» **TASK ITEM**
Quote exactly the lines spanning from the top of the data below to the line that contains "of [m] x [n]). *)", including both.

(Stored dataset items)
(* For any integers $m,n\geq 3$, we have $M_{\mathcal{F}_{c}}(G_{m,n})\leq 16$. Moreover, $M_{\mathcal{F}_{c}}(G_{3,3})=16$.
   Context: For integers $m,n\geq 3$, the $m\times n$ grid $G_{m,n}$ is the graph with vertex set $[m]\times[n]$ in which $(u,v)$ and $(i,j)$ are adjacent if and only if either $u=i$ and $v\equiv j\pm 1 \pmod n$, or $v=j$ and $u\equiv i\pm1 \pmod m$. For two graphs on the same vertex set, their symmetric difference is the graph on that vertex set whose edges are those belonging to exactly one of the two graphs. $M_{\mathcal{F}_{c}}(G_{m,n})$ denotes the maximum possible size of a family $\mathcal{G}$ of spanning subgraphs of $G_{m,n}$ such that the symmetric difference of any two distinct members of $\mathcal{G}$ is connected. *)

From mathcomp Require Import all_boot.
Set Implicit Arguments. Unset Strict Implicit. Unset Printing Implicit Defensive.

Definition gvert (m n : nat) : finType := ('I_m * 'I_n)%type.

Definition grid_adj (m n : nat) (u v : gvert m n) : bool :=
  ((u.1 == v.1) && ((nat_of_ord v.2 == (u.2 + 1) %% n) || (nat_of_ord u.2 == (v.2 + 1) %% n)))
  || ((u.2 == v.2) && ((nat_of_ord v.1 == (u.1 + 1) %% m) || (nat_of_ord u.1 == (v.1 + 1) %% m))).

Definition grid_edges (m n : nat) : {set {set gvert m n}} :=
  [set e : {set gvert m n} | [exists u, exists v, grid_adj u v && (e == [set u; v])]].

(* A spanning subgraph of G_{m,n} is given by its edge set, a subset of the
   edges of G_{m,n} (vertex set is always all of [m] x [n]). *)
Definition spanning_sub (m n : nat) (H : {set {set gvert m n}}) : bool :=
  H \subset grid_edges m n.

Definition symdiff (T : finType) (H1 H2 : {set {set T}}) : {set {set T}} :=
  (H1 :\: H2) :|: (H2 :\: H1).

Definition connected_graph (T : finType) (S : {set {set T}}) : Prop :=
  forall u v : T, connect (fun x y => [set x; y] \in S) u v.

Definition conn_family (m n : nat) (F : {set {set {set gvert m n}}}) : Prop :=
  (forall H, H \in F -> spanning_sub H) /\
  (forall H1 H2, H1 \in F -> H2 \in F -> H1 != H2 -> connected_graph (symdiff H1 H2)).

Definition is_MFc (m n k : nat) : Prop :=
  (exists F : {set {set {set gvert m n}}}, conn_family F /\ #|F| = k) /\
  (forall F : {set {set {set gvert m n}}}, conn_family F -> #|F| <= k).

From mathcomp Require Import all_boot zmodp.
Set Implicit Arguments. Unset Strict Implicit. Unset Printing Implicit Defensive.

(* Upper bound: if H1 != H2 lie in an admissible family, their symmetric
   difference is connected, hence has an edge at any fixed vertex v; so
   H |-> H :&: star v is injective on the family, and every vertex of G_{m,n}
   lies on at most 4 edges.  Lower bound: label the 18 edges of G_{3,3} by
   vectors of F_2^4 and, for s in F_2^4, let H_s be the set of edges whose label
   has odd inner product with s.  Then H_s and H_t differ exactly on H_{s+t},
   and a finite computation shows that these differences are connected. *)

Section EdgeSets.
Variable T : finType.
Implicit Types (x y : T) (r : rel T) (H S : {set {set T}}).

Definition edge_set r : {set {set T}} :=
  [set e | [exists x, exists y, r x y && (e == [set x; y])]].

Definition symdiff_rel r1 r2 : rel T := fun x y => r1 x y != r2 x y.

Definition star S x : {set {set T}} := [set e in S | x \in e].

Lemma set2_eqP x y u v :
  [set x; y] = [set u; v] -> (x = u /\ y = v) \/ (x = v /\ y = u).
Proof.
move=> Exy.
have /set2P xuv : x \in [set u; v] by rewrite -Exy set21.
have /set2P yuv : y \in [set u; v] by rewrite -Exy set22.
have /set2P uxy : u \in [set x; y] by rewrite Exy set21.
have /set2P vxy : v \in [set x; y] by rewrite Exy set22.
by case: xuv yuv uxy vxy => -> [] -> [] ? [] ?; subst; tauto.
Qed.

Lemma edge_setP r e : reflect (exists x y, r x y /\ e = [set x; y]) (e \in edge_set r).
Proof.
rewrite inE; apply: (iffP existsP) => [[x /existsP[y /andP[rxy /eqP->]]] | [x [y [rxy ->]]]].
  by exists x, y.
by exists x; apply/existsP; exists y; rewrite rxy eqxx.
Qed.

Lemma mem_edge_set r x y : symmetric r -> ([set x; y] \in edge_set r) = r x y.
Proof.
move=> r_sym; apply/edge_setP/idP => [[u [v [ruv /set2_eqP[[-> ->] | [-> ->]]]]] | rxy].
- exact: ruv.
- by rewrite r_sym.
- by exists x, y.
Qed.

Lemma edge_setS r1 r2 : subrel r1 r2 -> edge_set r1 \subset edge_set r2.
Proof.
move=> r12; apply/subsetP => e /edge_setP[x [y [rxy ->]]].
by apply/edge_setP; exists x, y; split; first exact: r12.
Qed.

Lemma symdiff_rel_sym r1 r2 :
  symmetric r1 -> symmetric r2 -> symmetric (symdiff_rel r1 r2).
Proof. by move=> r1_sym r2_sym x y; rewrite /symdiff_rel r1_sym r2_sym. Qed.

Lemma symdiff_edge_set r1 r2 : symmetric r1 -> symmetric r2 ->
  symdiff (edge_set r1) (edge_set r2) = edge_set (symdiff_rel r1 r2).
Proof.
move=> r1_sym r2_sym; have sym12 := symdiff_rel_sym r1_sym r2_sym.
apply/setP => e.
have [/existsP[x /existsP[y /eqP->]] | not_pair] :=
  boolP [exists x, exists y, e == [set x; y]].
  rewrite in_setU !in_setD !mem_edge_set // /symdiff_rel.
  by case: (r1 x y); case: (r2 x y).
have notin r : e \notin edge_set r.
  apply: contra not_pair => /edge_setP[x [y [_ ->]]].
  by apply/existsP; exists x; apply/existsP; exists y.
by rewrite in_setU !in_setD !(negbTE (notin _)).
Qed.

Lemma connected_edge_set r : symmetric r ->
  (forall x y, connect r x y) -> connected_graph (edge_set r).
Proof.
move=> r_sym r_conn x y; rewrite (eq_connect (e' := r)) //.
by move=> u v; rewrite mem_edge_set.
Qed.

Lemma connected_graph_edge S x y :
  connected_graph S -> x != y -> exists z, [set x; z] \in S.
Proof.
move=> S_conn; case/connectP: (S_conn x y) => [[|z p]] /=; first by move=> _ ->; rewrite eqxx.
by case/andP => xz _ _ _; exists z.
Qed.

Lemma symdiffvv H : symdiff H H = set0.
Proof. by rewrite /symdiff setDv setU0. Qed.

Lemma symdiffIr H1 H2 S : symdiff (H1 :&: S) (H2 :&: S) = symdiff H1 H2 :&: S.
Proof.
by apply/setP => e; rewrite !inE; case: (e \in H1); case: (e \in H2); case: (e \in S).
Qed.

Lemma exists_neq x : 1 < #|T| -> exists y, x != y.
Proof.
case/card_gt1P => [u [v [_ _ uv]]].
by case: (eqVneq x u) => [-> | xu]; [exists v | exists u].
Qed.

Lemma card_family_le_exp_star (E : {set {set T}}) (F : {set {set {set T}}}) x :
  1 < #|T| ->
  (forall H, H \in F -> H \subset E) ->
  (forall H1 H2, H1 \in F -> H2 \in F -> H1 != H2 -> connected_graph (symdiff H1 H2)) ->
  #|F| <= 2 ^ #|star E x|.
Proof.
move=> /(exists_neq x)[y xy] F_sub F_conn.
have restr_inj : {in F &, injective (fun H => H :&: star E x)}.
  move=> H1 H2 H1F H2F eq12; apply/eqP/contraT => H12.
  have [z xz] := connected_graph_edge (F_conn _ _ H1F H2F H12) xy.
  have xz_E : [set x; z] \in E.
    by move: xz; rewrite in_setU !in_setD => /orP[]/andP[_]; apply/subsetP/F_sub.
  have : [set x; z] \in symdiff H1 H2 :&: star E x by rewrite inE xz inE xz_E set21.
  by rewrite -symdiffIr eq12 symdiffvv inE.
rewrite -(card_in_imset restr_inj) -card_powerset.
apply/subset_leq_card/subsetP => _ /imsetP[H _ ->].
by rewrite powersetE subsetIr.
Qed.

End EdgeSets.

Section EdgeSetFamily.
Variables (T W : finType) (adj : rel T) (r : W -> rel T).
Hypothesis T_nontrivial : 1 < #|T|.
Hypothesis r_sym : forall s, symmetric (r s).
Hypothesis r_adj : forall s, subrel (r s) adj.
Hypothesis r_conn :
  forall s t, s != t -> forall x y, connect (symdiff_rel (r s) (r t)) x y.

Definition edge_set_family : {set {set {set T}}} := [set edge_set (r s) | s : W].

Lemma edge_set_family_sub H : H \in edge_set_family -> H \subset edge_set adj.
Proof. by case/imsetP => s _ ->; apply: edge_setS. Qed.

Lemma connected_symdiff_edge_set s t :
  s != t -> connected_graph (symdiff (edge_set (r s)) (edge_set (r t))).
Proof.
move=> st; rewrite symdiff_edge_set //.
exact/connected_edge_set/r_conn/st/symdiff_rel_sym.
Qed.

Lemma edge_set_family_connected H1 H2 :
  H1 \in edge_set_family -> H2 \in edge_set_family -> H1 != H2 ->
  connected_graph (symdiff H1 H2).
Proof.
case/imsetP => s _ -> /imsetP[t _ ->] H12; apply: connected_symdiff_edge_set.
by apply: contraNneq H12 => ->.
Qed.

Lemma card_edge_set_family : #|edge_set_family| = #|W|.
Proof.
rewrite card_imset // => s t Est; apply/eqP/contraT => st.
have [x _] := card_gt0P (ltnW T_nontrivial); have [y xy] := exists_neq x T_nontrivial.
have [z] := connected_graph_edge (connected_symdiff_edge_set st) xy.
by rewrite Est symdiffvv inE.
Qed.

End EdgeSetFamily.

Section Grid.
Variables m n : nat.
Implicit Types v w : gvert m n.

Lemma grid_edgesE : grid_edges m n = edge_set (@grid_adj m n).
Proof. by []. Qed.

Lemma card_gvert : #|gvert m n| = m * n.
Proof. by rewrite card_prod !card_ord. Qed.

Lemma grid_adj_sym : symmetric (@grid_adj m n).
Proof.
move=> v w; rewrite /grid_adj (eq_sym v.1) (eq_sym v.2).
by rewrite (orbC (_ == (v.2 + 1) %% n)) (orbC (_ == (v.1 + 1) %% m)).
Qed.

Definition grid_neighbours v : seq (gvert m n) :=
  [:: (v.1, ordS v.2); (v.1, ord_pred v.2); (ordS v.1, v.2); (ord_pred v.1, v.2)].

Lemma grid_adj_neighbour v w : grid_adj v w -> w \in grid_neighbours v.
Proof.
case: v w => [a b] [c d]; rewrite /grid_adj !inE /= !xpair_eqE !addn1.
have ordSE k (i j : 'I_k) : (nat_of_ord j == i.+1 %% k) = (j == ordS i) by [].
have ordS_predE k (i j : 'I_k) : (i == ordS j) = (j == ord_pred i).
  by rewrite eq_sym (can2_eq (@ordSK k) (@ord_predK k)).
rewrite !ordSE (ordS_predE _ b) (ordS_predE _ a).
by case/orP=> /andP[/eqP-> /orP[]/eqP->]; rewrite !eqxx ?orbT.
Qed.

Lemma card_grid_star v : #|star (grid_edges m n) v| <= 4.
Proof.
have star_sub : star (grid_edges m n) v \subset [set [set v; w] | w in grid_neighbours v].
  apply/subsetP => e; rewrite inE grid_edgesE => /andP[/edge_setP[x [y [xy ->]]]].
  case/set2P => ->; apply/imsetP.
    by exists y; first exact: grid_adj_neighbour.
  by exists x; rewrite 1?setUC // grid_adj_neighbour // grid_adj_sym.
apply: leq_trans (subset_leq_card star_sub) _.
exact: leq_trans (leq_imset_card _ _) (card_size _).
Qed.

Theorem grid_family_card_le (F : {set {set {set gvert m n}}}) :
  1 < m * n -> conn_family F -> #|F| <= 16.
Proof.
rewrite -card_gvert => mn [F_sub F_conn].
have [v _] := card_gt0P (ltnW mn).
apply: leq_trans (card_family_le_exp_star v mn F_sub F_conn) _.
exact: leq_pexp2l (card_grid_star v).
Qed.

End Grid.

Section BreadthFirstSearch.
Variables (T : finType) (r : rel T) (N : nat) (vertex : nat -> T).

Definition adj_table : seq (seq bool) :=
  [seq [seq r (vertex i) (vertex j) | j <- iota 0 N] | i <- iota 0 N].

Definition bfs_step (tab : seq (seq bool)) (seen : seq nat) : seq nat :=
  seen ++ [seq j <- iota 0 N |
           (j \notin seen) && has (fun i => nth false (nth [::] tab i) j) seen].

(* The [let] makes [vm_compute] evaluate [r] only [N * N] times. *)
Definition bfs (i0 : nat) : seq nat :=
  let tab := adj_table in iter N (bfs_step tab) [:: i0].

Lemma adj_tableP i j : nth false (nth [::] adj_table i) j -> r (vertex i) (vertex j).
Proof.
rewrite /adj_table; have [iN | Ni] := ltnP i N; last first.
  by rewrite (@nth_default _ [::]) ?size_map ?size_iota // nth_nil.
rewrite (nth_map 0) ?size_iota // nth_iota //.
have [jN | Nj] := ltnP j N; last by rewrite nth_default ?size_map ?size_iota.
by rewrite (nth_map 0) ?size_iota // nth_iota.
Qed.

Lemma bfs_connect i0 : {in bfs i0, forall j, connect r (vertex i0) (vertex j)}.
Proof.
suff iter_conn k : {in iter k (bfs_step adj_table) [:: i0],
    forall j, connect r (vertex i0) (vertex j)} by exact: iter_conn.
elim: k => [|k IHk] j /=; first by rewrite inE => /eqP->.
rewrite mem_cat => /orP[/IHk // |].
rewrite mem_filter => /andP[/andP[_ /hasP[i ik /adj_tableP rij]] _].
exact: connect_trans (IHk i ik) (connect1 rij).
Qed.

Lemma connect_of_bfs i0 : symmetric r -> (forall x, x \in map vertex (iota 0 N)) ->
  all (mem (bfs i0)) (iota 0 N) -> forall x y, connect r x y.
Proof.
move=> r_sym vertex_onto /allP reach x y.
have root_conn z : connect r (vertex i0) z.
  by have /mapP[j jN ->] := vertex_onto z; apply/bfs_connect/reach.
by apply: connect_trans (root_conn y); rewrite (sym_connect_sym r_sym).
Qed.

End BreadthFirstSearch.

(* Unlike [ord_enum n], these enumerations evaluate under [vm_compute]. *)
Definition ord_list n : seq 'I_n.+1 := map inZp (iota 0 n.+1).

Lemma mem_ord_list n (i : 'I_n.+1) : i \in ord_list n.
Proof. by rewrite -(valZpK i); apply: map_f; rewrite mem_iota ltn_ord. Qed.

Definition grid_vertex m n (i : nat) : gvert m.+1 n.+1 := (inZp (i %/ n.+1), inZp i).

Lemma grid_vertex_onto m n (v : gvert m.+1 n.+1) :
  v \in map (grid_vertex m n) (iota 0 (m.+1 * n.+1)).
Proof.
case: v => a b; apply/mapP; exists (a * n.+1 + b).
  rewrite mem_iota add0n; apply: (@leq_trans (a.+1 * n.+1)).
    by rewrite mulSn [_ + a * _]addnC ltn_add2l.
  by rewrite leq_mul2r ltn_ord orbT.
rewrite /grid_vertex; congr pair; apply: val_inj => /=.
  by rewrite divnMDl // divn_small // addn0 modn_small.
by rewrite modnMDl modn_small.
Qed.

(* Vectors of F_2^4 are written as 4-bit integers.  The edge from (i, j) to
   (i, j + 1) (resp. (i + 1, j)) gets entry 3 i + j of [horizontal]
   (resp. [vertical]). *)
Definition grid33_label (x y : gvert 3 3) : nat :=
  let horizontal := [:: 7; 13; 1; 9; 2; 15; 6; 2; 4] in
  let vertical := [:: 10; 8; 6; 11; 13; 5; 3; 12; 14] in
  let index (z : gvert 3 3) := 3 * z.1 + z.2 in
  if x.1 == y.1 then
    nth 0 horizontal (index (if nat_of_ord y.2 == (x.2 + 1) %% 3 then x else y))
  else nth 0 vertical (index (if nat_of_ord y.1 == (x.1 + 1) %% 3 then x else y)).

Definition bits_dot (s l : nat) : bool :=
  odd (count (fun i => odd (s %/ 2 ^ i) && odd (l %/ 2 ^ i)) (iota 0 4)).

Definition grid33_code (s : 'I_16) : rel (gvert 3 3) :=
  fun x y => grid_adj x y && bits_dot s (grid33_label x y).

Lemma grid33_label_sym x y : grid_adj x y -> grid33_label x y = grid33_label y x.
Proof.
have /mapP[i i9 ->] := grid_vertex_onto x; have /mapP[j j9 ->] := grid_vertex_onto y.
have label_sym : all (fun i => all (fun j =>
    let x := grid_vertex 2 2 i in let y := grid_vertex 2 2 j in
    grid_adj x y ==> (grid33_label x y == grid33_label y x)) (iota 0 9)) (iota 0 9).
  by vm_compute.
by have /= /implyP adj_eq := allP (allP label_sym i i9) j j9; move/adj_eq/eqP.
Qed.

Lemma grid33_code_sym s : symmetric (grid33_code s).
Proof.
move=> x y; rewrite /grid33_code grid_adj_sym.
by case yx: (grid_adj y x); rewrite //= grid33_label_sym // grid_adj_sym.
Qed.

Lemma grid33_code_conn s t : s != t ->
  forall x y, connect (symdiff_rel (grid33_code s) (grid33_code t)) x y.
Proof.
move=> st; apply: (@connect_of_bfs _ _ 9 (grid_vertex 2 2) 0).
- exact: symdiff_rel_sym (grid33_code_sym s) (grid33_code_sym t).
- exact: grid_vertex_onto.
have /allP/(_ s (mem_ord_list s))/allP/(_ t (mem_ord_list t)) : all (fun s => all (fun t =>
    (s == t) || all (mem (bfs (symdiff_rel (grid33_code s) (grid33_code t))
                                 9 (grid_vertex 2 2) 0)) (iota 0 9))
  (ord_list 15)) (ord_list 15) by vm_compute.
by rewrite (negbTE st).
Qed.

Theorem proposition1p7 :
  (forall (m n : nat), 3 <= m -> 3 <= n ->
     forall F : {set {set {set gvert m n}}}, conn_family F -> #|F| <= 16)
  /\ is_MFc 3 3 16.
Proof.
have grid_bound m n (F : {set {set {set gvert m n}}}) :
    3 <= m -> 3 <= n -> conn_family F -> #|F| <= 16.
  by move=> m3 n3; apply: grid_family_card_le; apply: leq_trans (leq_mul m3 n3).
split=> [m n m3 n3 F | ]; first exact: grid_bound.
split=> [ | F]; last exact: grid_bound.
have code_adj s : subrel (grid33_code s) (@grid_adj 3 3) by move=> x y /andP[].
have nontrivial : 1 < #|gvert 3 3| by rewrite card_gvert.
exists (edge_set_family grid33_code); split; last first.
  by rewrite (card_edge_set_family nontrivial grid33_code_sym grid33_code_conn) card_ord.
split=> [H HF | ]; first exact (edge_set_family_sub code_adj HF).
exact (edge_set_family_connected grid33_code_sym grid33_code_conn).
Qed.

» **EXERCISE OUTPUT**
(* For any integers $m,n\geq 3$, we have $M_{\mathcal{F}_{c}}(G_{m,n})\leq 16$. Moreover, $M_{\mathcal{F}_{c}}(G_{3,3})=16$.
   Context: For integers $m,n\geq 3$, the $m\times n$ grid $G_{m,n}$ is the graph with vertex set $[m]\times[n]$ in which $(u,v)$ and $(i,j)$ are adjacent if and only if either $u=i$ and $v\equiv j\pm 1 \pmod n$, or $v=j$ and $u\equiv i\pm1 \pmod m$. For two graphs on the same vertex set, their symmetric difference is the graph on that vertex set whose edges are those belonging to exactly one of the two graphs. $M_{\mathcal{F}_{c}}(G_{m,n})$ denotes the maximum possible size of a family $\mathcal{G}$ of spanning subgraphs of $G_{m,n}$ such that the symmetric difference of any two distinct members of $\mathcal{G}$ is connected. *)

From mathcomp Require Import all_boot.
Set Implicit Arguments. Unset Strict Implicit. Unset Printing Implicit Defensive.

Definition gvert (m n : nat) : finType := ('I_m * 'I_n)%type.

Definition grid_adj (m n : nat) (u v : gvert m n) : bool :=
  ((u.1 == v.1) && ((nat_of_ord v.2 == (u.2 + 1) %% n) || (nat_of_ord u.2 == (v.2 + 1) %% n)))
  || ((u.2 == v.2) && ((nat_of_ord v.1 == (u.1 + 1) %% m) || (nat_of_ord u.1 == (v.1 + 1) %% m))).

Definition grid_edges (m n : nat) : {set {set gvert m n}} :=
  [set e : {set gvert m n} | [exists u, exists v, grid_adj u v && (e == [set u; v])]].

(* A spanning subgraph of G_{m,n} is given by its edge set, a subset of the
   edges of G_{m,n} (vertex set is always all of [m] x [n]). *)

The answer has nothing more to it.